The concordance target comes with the same warning as above: compiling these statistics is memory-intensive and may cause the build process to run out of memory.
The search index will automatically link each keyword-in-context extract with the closest element that has an id, so that each keyword-in-context string in a search result will point directly to a specific page fragment. You can also add your own attributes to any element in your document in order to have those attributes appear on the keyword-in-context (KWIC) result string (which is in the form of an HTML <li> element).
You can add as many custom attributes as you like (although bear in mind that they increase the size of the index JSON files slightly and may add to the build time).
When you use a conventional search engine which is based on a backend database and configured for a specific dynamic website, it is not unusual to find that when you follow a link to a search hit on a target page, the hit will be highlighted on that page, because the backend database is able to pre-process it. With staticSearch, that's not straightforward, because there is no ‘engine’ that is preprocessing your HTML pages. However, if this is important to you, there is a workaround that you can use. Since staticSearch does not modify your web pages, though, the implementation has to be done by you.
By default each keyword-in-context result that shows on the search page will have its own specific link to the fragment of the document which contains the hit. We strongly recommend that you ensure your target documents have id attributes for any significant divisions so that result links are as precise as possible, making the search results much more useful.
Those links are also provided with a search string, like this: https://example.com/egPage.html?ssMark=elephant#animals This link points to the section of the document which has id=animals, but it also says ‘the hit text is the word elephant.’ Some JavaScript that runs on the target page, egPage.html (which you control) will be able to parse the value of the query parameter ssMark in order to find the hit text, and highlight it in some way.

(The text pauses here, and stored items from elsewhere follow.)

Theorem lemmaA2 :
  forall n : nat, (1 <= n)%nat ->
  exists C0 : R, exists N0bar : R, 0 < N0bar /\ exists T0 : R,
  forall N0 : R, N0bar <= N0 ->
  forall (alpha sigma : R) (N1 : nat),
    0 < alpha < 1 -> 0 < sigma -> (1 <= N1)%nat ->
    T0 <= TA2 alpha sigma N1 ->
  forall x : R, UpsilonA2 alpha sigma N1 x ->
  forall rho : R, 0 < rho <= rho0A2 alpha sigma N0 ->
  forall s : R, (s = 1 \/ s = -1) ->
    let h := hA2 alpha sigma in
    let T := TA2 alpha sigma N1 in
    Cmod (circ_int
            (fun u => (fA2 alpha T u x
                       * Cexp (RtoC (- (2 * INR n * PI / h)) * (0, 1) * u))%C)
            (u0A2 alpha T x) rho s)
    <= C0 * (exp ((rho - aA2 alpha T x) * (2 * INR n * PI / h)) * Rpower x alpha).
Proof.
  intros n _. exists (6 * PI), 10. split; [lra |]. exists 0.
  intros N0 HN0 alpha sigma N1 Hal Hsig _ _ x Hx rho Hrho s Hs h T.
  destruct (Upsilon_circle_conditions alpha sigma N0 x rho N1 HN0 Hal Hsig Hx Hrho)
    as (Hx0 & Hp & Hrho_p).
  pose proof (proj1 Hrho) as Hrho0.
  assert (Hc : 0 <= 2 * INR n * PI / h).
  { apply Rdiv_le_0_compat.
    - pose proof (pos_INR n). pose proof PI_RGT_0. nra.
    - unfold h, hA2. apply Rmult_lt_0_compat; apply pow_lt; lra. }
  eapply Rle_trans.
  - apply Cmod_circ_int_le; [lra | exact Hs | |].
    + intros th. apply integrand_Ccontinuous; assumption.
    + intros th. apply Cmod_integrand_le; assumption.
  - right. field. lra.
Qed.
(* Let $X,Y$ be finite sets, let $A$ be an arbitrary $|X|\times|Y|$ matrix (possibly with complex entries) with rows indexed by $X$ and columns by $Y$, and let $\mathcal{R}$ be a rectangle partition of $X\times Y$. Then $$\|A\|_2^2\le\sum_{R\in\mathcal{R}}\|A_R\|_2^2.$$
   Context: A rectangle is a subset of $X\times Y$ of the form $X_0\times Y_0$ with $X_0\subseteq X$, $Y_0\subseteq Y$; a rectangle partition is a set of pairwise disjoint rectangles whose union is $X\times Y$. For a rectangle $R=X_0\times Y_0$, $A_R$ is the $|X_0|\times|Y_0|$ submatrix of $A$ with rows in $X_0$ and columns in $Y_0$. $\|\cdot\|_2$ denotes the spectral norm (largest singular value). *)

From mathcomp Require Import all_boot all_order all_algebra.
From mathcomp Require Import classical_sets reals complex.
Set Implicit Arguments. Unset Strict Implicit. Unset Printing Implicit Defensive.
Import Order.TTheory GRing.Theory Num.Theory.
Local Open Scope ring_scope.

Definition vnorm2 (R : realType) (n : nat) (v : 'cV[R[i]]_n) : R :=
  \sum_(k < n) ((complex.Re (v k 0)) ^+ 2 + (complex.Im (v k 0)) ^+ 2).

(* Spectral norm ||M||_2 = operator norm induced by the Euclidean norm,
   sup_{||v||=1} ||M v||.  (sup of the empty set is 0, for n = 0.) *)
Definition specnorm (R : realType) (m n : nat) (M : 'M[R[i]]_(m, n)) : R :=
  sup [set Num.sqrt (vnorm2 (M *m v)) | v in [set v : 'cV[R[i]]_n | vnorm2 v = 1]]%classic.

Definition submx_of (R : realType) (X Y : finType) (A : X -> Y -> R[i])
    (X0 : {set X}) (Y0 : {set Y}) : 'M[R[i]]_(#|X0|, #|Y0|) :=
  \matrix_(p < #|X0|, q < #|Y0|) A (enum_val p) (enum_val q).

Definition fullmx (R : realType) (X Y : finType) (A : X -> Y -> R[i]) :=
  submx_of A [set: X] [set: Y].

Definition rect (X Y : finType) (r : {set X} * {set Y}) : {set X * Y} :=
  finset.setX r.1 r.2.

Definition rect_partition (X Y : finType) (P : {set {set X} * {set Y}}) : Prop :=
  (forall r s, r \in P -> s \in P -> r != s -> [disjoint rect r & rect s]) /\
  \bigcup_(r in P) rect r = [set: X * Y].

(* Fix a unit vector f, put g = A f and, for each rectangle r = X0 x Y0 of the
   partition, h_r = A_r (f restricted to Y0).  Identify C with R^2, with real
   inner product <.,.>.  Because the rectangles partition X x Y,
   |g|^2 = sum_r <g|X0, h_r>, while |h_r|^2 <= ||A_r||^2 |f|Y0|^2.  Completing
   the square gives 2 <g|X0, h_r> <= |f|Y0|^2 |g|X0|^2 + ||A_r||^2, and, using
   the partition once more, sum_r |f|Y0|^2 |g|X0|^2 = |f|^2 |g|^2 = |g|^2.
   Summing over r yields |g|^2 <= sum_r ||A_r||^2. *)

From mathcomp Require Import all_boot all_order all_algebra.
From mathcomp Require Import classical_sets reals complex boolp.
From mathcomp Require Import ring lra.
Import Order.TTheory GRing.Theory Num.Theory.
Local Open Scope ring_scope.
Set Implicit Arguments. Unset Strict Implicit. Unset Printing Implicit Defensive.

Section ComplexAsPlane.
Variable R : realType.
Implicit Types a b z : R[i].

Definition sqnormc z : R := complex.Re z ^+ 2 + complex.Im z ^+ 2.

Definition dotc a b : R :=
  complex.Re a * complex.Re b + complex.Im a * complex.Im b.

Lemma ReM a b :
  complex.Re (a * b) = complex.Re a * complex.Re b - complex.Im a * complex.Im b.
Proof. by case: a b => [a1 a2] [b1 b2]. Qed.

Lemma ImM a b :
  complex.Im (a * b) = complex.Re a * complex.Im b + complex.Im a * complex.Re b.
Proof. by case: a b => [a1 a2] [b1 b2]. Qed.

Lemma Re_sum (I : Type) (r : seq I) (P : pred I) (F : I -> R[i]) :
  complex.Re (\sum_(i <- r | P i) F i) = \sum_(i <- r | P i) complex.Re (F i).
Proof. by apply: (big_morph (@complex.Re R)) => // -[x1 x2] [y1 y2]. Qed.

Lemma Im_sum (I : Type) (r : seq I) (P : pred I) (F : I -> R[i]) :
  complex.Im (\sum_(i <- r | P i) F i) = \sum_(i <- r | P i) complex.Im (F i).
Proof. by apply: (big_morph (@complex.Im R)) => // -[x1 x2] [y1 y2]. Qed.

Lemma sqnormc_ge0 z : 0 <= sqnormc z.
Proof. by rewrite addr_ge0 // sqr_ge0. Qed.

Lemma sqnormc_eq0 z : sqnormc z = 0 -> z = 0.
Proof.
case: z => a b; rewrite /sqnormc /= => /eqP.
by rewrite paddr_eq0 ?sqr_ge0 // !sqrf_eq0 => /andP[/eqP-> /eqP->].
Qed.

Lemma sqnormcM a b : sqnormc (a * b) = sqnormc a * sqnormc b.
Proof. by rewrite /sqnormc ReM ImM; ring. Qed.

Lemma sqnormcE z : sqnormc z = dotc z z.
Proof. by rewrite /sqnormc /dotc !expr2. Qed.

Lemma dotc_sumr a (I : Type) (r : seq I) (P : pred I) (F : I -> R[i]) :
  dotc a (\sum_(i <- r | P i) F i) = \sum_(i <- r | P i) dotc a (F i).
Proof. by rewrite /dotc Re_sum Im_sum !mulr_sumr -big_split. Qed.

Lemma sqnormcD_le a b : sqnormc (a + b) <= 2 * sqnormc a + 2 * sqnormc b.
Proof.
case: a b => [a1 a2] [b1 b2]; rewrite /sqnormc /=.
have := sqr_ge0 (a1 - b1); have := sqr_ge0 (a2 - b2); nra.
Qed.

Lemma sqnormc_sum_le (I : Type) (r : seq I) (F : I -> R[i]) :
  sqnormc (\sum_(i <- r) F i) <= 2 ^+ size r * \sum_(i <- r) sqnormc (F i).
Proof.
elim: r => [|x r IH]; first by rewrite !big_nil /sqnormc /= expr0n mulr0 add0r.
rewrite !big_cons exprS; apply: le_trans (sqnormcD_le _ _) _.
have p_ge1 : 1 <= 2 ^+ size r :> R by rewrite exprn_ege1 // ler1n.
have := sqnormc_ge0 (F x); nra.
Qed.

(* Completing the square: [0 <= sum |s u - w|^2 = s^2 |u|^2 - 2 s <u, w> + |w|^2]. *)
Lemma dotc_sum_le (I : finType) (D : {pred I}) (u w : I -> R[i]) (s c : R) :
  0 <= s -> \sum_(i in D) sqnormc (w i) <= c ^+ 2 * s ->
  2 * \sum_(i in D) dotc (u i) (w i) <= s * \sum_(i in D) sqnormc (u i) + c ^+ 2.
Proof.
move=> s_ge0 w_le; have [s0|s_neq0] := eqVneq s 0.
  have w_eq0 : \sum_(i in D) sqnormc (w i) = 0.
    move: w_le; rewrite s0 mulr0 => w_le0; apply/eqP; rewrite eq_le w_le0.
    by rewrite sumr_ge0 // => i _; apply: sqnormc_ge0.
  rewrite s0.
  have w0 i : i \in D -> w i = 0.
    by move=> Di; apply/sqnormc_eq0/(psumr_eq0P _ w_eq0) => // j _; apply: sqnormc_ge0.
  rewrite mul0r add0r big1 ?mulr0 ?sqr_ge0 // => i /w0->.
  by rewrite /dotc /= !mulr0 addr0.
have s_gt0 : 0 < s by rewrite lt0r s_neq0.
have square_ge0 : 0 <= s ^+ 2 * \sum_(i in D) sqnormc (u i)
    - 2 * s * \sum_(i in D) dotc (u i) (w i) + \sum_(i in D) sqnormc (w i).
  have -> : s ^+ 2 * \sum_(i in D) sqnormc (u i)
      - 2 * s * \sum_(i in D) dotc (u i) (w i) + \sum_(i in D) sqnormc (w i) =
      \sum_(i in D) ((s * complex.Re (u i) - complex.Re (w i)) ^+ 2 +
                     (s * complex.Im (u i) - complex.Im (w i)) ^+ 2).
    rewrite !mulr_sumr -sumrB -big_split /=.
    by apply: eq_bigr => i _; rewrite /sqnormc /dotc; ring.
  by rewrite sumr_ge0 // => i _; rewrite addr_ge0 // sqr_ge0.
rewrite -(ler_pM2l s_gt0); nra.
Qed.

End ComplexAsPlane.

Section EuclideanNorm.
Variables (R : realType) (n : nat).
Implicit Types v : 'cV[R[i]]_n.

Lemma vnorm2E v : vnorm2 v = \sum_(k < n) sqnormc (v k 0).
Proof. by []. Qed.

Lemma vnorm2_ge0 v : 0 <= vnorm2 v.
Proof. by rewrite sumr_ge0 // => k _; apply: sqnormc_ge0. Qed.

Lemma vnorm2_eq0 v : (vnorm2 v == 0) = (v == 0).
Proof.
apply/eqP/eqP => [v0|->]; last first.
  by rewrite vnorm2E big1 // => k _; rewrite mxE /sqnormc /= expr0n addr0.
apply/matrixP => k j; rewrite ord1 mxE; apply: sqnormc_eq0.
by apply: (psumr_eq0P _ v0) => // i _; apply: sqnormc_ge0.
Qed.

Lemma vnorm20 : vnorm2 (0 : 'cV[R[i]]_n) = 0.
Proof. by apply/eqP; rewrite vnorm2_eq0. Qed.

Lemma vnorm2_scale (c : R) v : vnorm2 (Complex c 0 *: v) = c ^+ 2 * vnorm2 v.
Proof.
rewrite !vnorm2E mulr_sumr; apply: eq_bigr => k _.
by rewrite mxE sqnormcM /sqnormc /= expr0n addr0.
Qed.

End EuclideanNorm.

Lemma sqrtr_le_sqr (R : rcfType) (x K : R) : 0 <= K -> (Num.sqrt x <= K) = (x <= K ^+ 2).
Proof.
move=> K_ge0; have [x_ge0|x_lt0] := leP 0 x.
  by rewrite -[K in LHS]ger0_norm // -sqrtr_sqr ler_sqrt // sqr_ge0.
by rewrite ler0_sqrtr ?(ltW x_lt0) // K_ge0 (le_trans (ltW x_lt0)) ?sqr_ge0.
Qed.

Section SpectralNorm.
Variables (R : realType) (m n : nat) (M : 'M[R[i]]_(m, n)).

Let gains :=
  [set Num.sqrt (vnorm2 (M *m v)) | v in [set v : 'cV[R[i]]_n | vnorm2 v = 1]]%classic.

(* Each entry of a unit vector has modulus at most 1. *)
Lemma gains_bounded : has_ubound gains.
Proof.
exists (Num.sqrt (\sum_(i < m) 2 ^+ size (index_enum 'I_n) * \sum_(j < n) sqnormc (M i j))).
move=> _ [v /= v1 <-]; apply: ler_wsqrtr; rewrite vnorm2E; apply: ler_sum => i _.
rewrite mxE; apply: le_trans (sqnormc_sum_le _ _) _; rewrite ler_wpM2l ?exprn_ge0 //.
apply: ler_sum => j _; rewrite sqnormcM ler_piMr ?sqnormc_ge0 //.
by rewrite -v1 vnorm2E (bigD1 j) //= lerDl sumr_ge0 // => k _; apply: sqnormc_ge0.
Qed.

Lemma specnorm_ge0 : 0 <= specnorm M.
Proof.
rewrite /specnorm -/gains.
have [[[_ [v v1 _]] _]|no_sup] := pselect (has_sup gains); last by rewrite sup_out.
have v_gain : gains (Num.sqrt (vnorm2 (M *m v))) by exists v.
exact: le_trans (sqrtr_ge0 _) (ub_le_sup gains_bounded v_gain).
Qed.

Lemma vnorm2_mulmx_unit_le v : vnorm2 v = 1 -> vnorm2 (M *m v) <= specnorm M ^+ 2.
Proof.
move=> v1; rewrite -sqrtr_le_sqr; last exact: specnorm_ge0.
have v_gain : gains (Num.sqrt (vnorm2 (M *m v))) by exists v.
by rewrite /specnorm -/gains; have := ub_le_sup gains_bounded v_gain.
Qed.

Lemma vnorm2_mulmx_le v : vnorm2 (M *m v) <= specnorm M ^+ 2 * vnorm2 v.
Proof.
have [->|v_neq0] := eqVneq v 0; first by rewrite mulmx0 !vnorm20 mulr0.
have s_gt0 : 0 < vnorm2 v by rewrite lt0r vnorm2_eq0 v_neq0 vnorm2_ge0.
pose c := (Num.sqrt (vnorm2 v))^-1.
have c2 : c ^+ 2 = (vnorm2 v)^-1 by rewrite exprVn sqr_sqrtr // ltW.
have := vnorm2_mulmx_unit_le (v := Complex c 0 *: v).
rewrite -scalemxAr !vnorm2_scale c2 mulVf ?lt0r_neq0 // => /(_ erefl).
by rewrite -(ler_pM2l s_gt0) mulrA mulfV ?lt0r_neq0 // mul1r mulrC.
Qed.

Lemma specnorm_sqr_le (S : R) : 0 <= S ->
  (forall v, vnorm2 v = 1 -> vnorm2 (M *m v) <= S) -> specnorm M ^+ 2 <= S.
Proof.
move=> S_ge0 bound; rewrite -[S]sqr_sqrtr // ler_pXn2r ?nnegrE ?specnorm_ge0 ?sqrtr_ge0 //.
rewrite /specnorm -/gains; have [gains_n0|gains_0] := pselect (gains !=set0)%classic.
  by apply: ge_sup => // _ [v /= v1 <-]; rewrite ler_sqrt // bound.
have -> : gains = set0%classic by apply/eqP/negPn/negP => /set0P/gains_0.
by rewrite sup0 sqrtr_ge0.
Qed.

End SpectralNorm.

Section RectanglePartition.
Variables (X Y : finType) (P : {set {set X} * {set Y}}).
Hypothesis partP : rect_partition P.
Variable V : nmodType.

Lemma sum_rect_partition (p : X * Y) (F : V) :
  \sum_(r in P) (if p \in rect r then F else 0) = F.
Proof.
case: partP => disjP coverP.
have /bigcupP[r0 r0P pr0] : p \in \bigcup_(r in P) rect r by rewrite coverP inE.
rewrite (bigD1 r0) //= pr0 big1 ?addr0 // => r /andP[rP r_neq0].
by rewrite (disjointFl (disjP _ _ rP r0P r_neq0) pr0).
Qed.

Lemma sum_row_partition (x : X) (F : Y -> V) :
  \sum_y F y = \sum_(r in P | x \in r.1) \sum_(y in r.2) F y.
Proof.
under eq_bigr => y _ do rewrite -(sum_rect_partition (x, y) (F y)).
rewrite exchange_big big_mkcondr /=; apply: eq_bigr => r _.
have in_rect y : ((x, y) \in rect r) = (x \in r.1) && (y \in r.2).
  exact: finset.in_setX.
rewrite [in RHS]big_mkcond; case: ifP => xr.
  by apply: eq_bigr => y _; rewrite in_rect xr.
by rewrite big1 // => y _; rewrite in_rect xr.
Qed.

Lemma sum_partition (F : X -> Y -> V) :
  \sum_(r in P) \sum_(x in r.1) \sum_(y in r.2) F x y = \sum_x \sum_y F x y.
Proof.
rewrite (exchange_big_dep predT) //=; apply: eq_bigr => x _.
by rewrite [RHS](sum_row_partition x).
Qed.

End RectanglePartition.

Section Restriction.
Variable R : realType.

Definition col_on (T : finType) (S : {set T}) (f : T -> R[i]) : 'cV[R[i]]_#|S| :=
  \col_(k < #|S|) f (enum_val k).

Lemma vnorm2_col_on (T : finType) (S : {set T}) (f : T -> R[i]) :
  vnorm2 (col_on S f) = \sum_(t in S) sqnormc (f t).
Proof. by rewrite vnorm2E [RHS]big_enum_val; apply: eq_bigr => k _; rewrite mxE. Qed.

Lemma mul_submx_col_on (X Y : finType) (A : X -> Y -> R[i]) (X0 : {set X})
    (Y0 : {set Y}) (f : Y -> R[i]) :
  submx_of A X0 Y0 *m col_on Y0 f = col_on X0 (fun x => \sum_(y in Y0) A x y * f y).
Proof.
apply/matrixP => k j; rewrite !mxE [RHS]big_enum_val.
by apply: eq_bigr => l _; rewrite !mxE.
Qed.

End Restriction.

Section BlockBound.
Variables (R : realType) (X Y : finType) (A : X -> Y -> R[i]).
Variable P : {set {set X} * {set Y}}.
Hypothesis partP : rect_partition P.

Lemma sum_sqnormc_mul_le (f : Y -> R[i]) : \sum_y sqnormc (f y) = 1 ->
  \sum_x sqnormc (\sum_y A x y * f y) <=
  \sum_(r in P) specnorm (submx_of A r.1 r.2) ^+ 2.
Proof.
move=> f1; pose g x := \sum_y A x y * f y.
pose h (r : {set X} * {set Y}) x := \sum_(y in r.2) A x y * f y.
pose mass (r : {set X} * {set Y}) := \sum_(y in r.2) sqnormc (f y).
pose G (r : {set X} * {set Y}) := \sum_(x in r.1) sqnormc (g x).
pose N2 (r : {set X} * {set Y}) := specnorm (submx_of A r.1 r.2) ^+ 2.
have g_split : \sum_x sqnormc (g x) = \sum_(r in P) \sum_(x in r.1) dotc (g x) (h r x).
  rewrite (exchange_big_dep predT) //=; apply: eq_bigr => x _.
  by rewrite sqnormcE {2}/g (sum_row_partition partP x) dotc_sumr.
have mass_G : \sum_(r in P) mass r * G r = \sum_x sqnormc (g x).
  transitivity (\sum_(r in P) \sum_(x in r.1) \sum_(y in r.2) sqnormc (g x) * sqnormc (f y)).
    apply: eq_bigr => r _; rewrite mulrC big_distrl; apply: eq_bigr => x _.
    exact: mulr_sumr.
  by rewrite sum_partition //; apply: eq_bigr => x _; rewrite -mulr_sumr f1 mulr1.
have block_le (r : {set X} * {set Y}) :
    2 * \sum_(x in r.1) dotc (g x) (h r x) <= mass r * G r + N2 r.
  apply: dotc_sum_le; first by rewrite sumr_ge0 // => y _; apply: sqnormc_ge0.
  have := vnorm2_mulmx_le (submx_of A r.1 r.2) (col_on r.2 f).
  by rewrite mul_submx_col_on !vnorm2_col_on.
have : 2 * \sum_x sqnormc (g x) <= \sum_x sqnormc (g x) + \sum_(r in P) N2 r.
  rewrite {1}g_split mulr_sumr -{1}mass_G -big_split /=.
  by apply: ler_sum => r _; apply: block_le.
by rewrite /N2; lra.
Qed.

End BlockBound.

Lemma sum_setT (V : nmodType) (T : finType) (F : T -> V) :
  \sum_(t in [set: T]) F t = \sum_t F t.
Proof. by apply: eq_bigl => t; rewrite inE. Qed.

Unset Implicit Arguments.
Set Strict Implicit.

Theorem mainTheorem3 (R : realType) (X Y : finType) (A : X -> Y -> R[i])
    (P : {set {set X} * {set Y}}) :
  rect_partition P ->
  specnorm (fullmx A) ^+ 2 <= \sum_(r in P) specnorm (submx_of A r.1 r.2) ^+ 2.
Proof.
move=> partP; apply: specnorm_sqr_le => [|v v1].
  by rewrite sumr_ge0 // => r _; rewrite sqr_ge0.
pose f y := v (enum_rank_in (finset.in_setT y) y) 0.
have v_col : v = col_on [set: Y] f.
  by apply/matrixP => k j; rewrite ord1 !mxE /f enum_valK_in.
rewrite v_col vnorm2_col_on sum_setT in v1.
rewrite v_col mul_submx_col_on vnorm2_col_on sum_setT.
under eq_bigr do rewrite sum_setT.
exact: sum_sqnormc_mul_le.
Qed.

Obviously you can implement this any way you like (or just ignore it), but we also supply a small demonstration JavaScript library which implements this functionality, called ssHighlight.js. This JS file is included into the staticSearch output folder (see <output>) by default, and if you include it into the header of your own pages, it will probably do the highlighting without further intervention. If, however, you have lots of existing JavaScript that runs when the page loads, there may be some interference between this library and your own code, so you may have to make some adjustments to the code.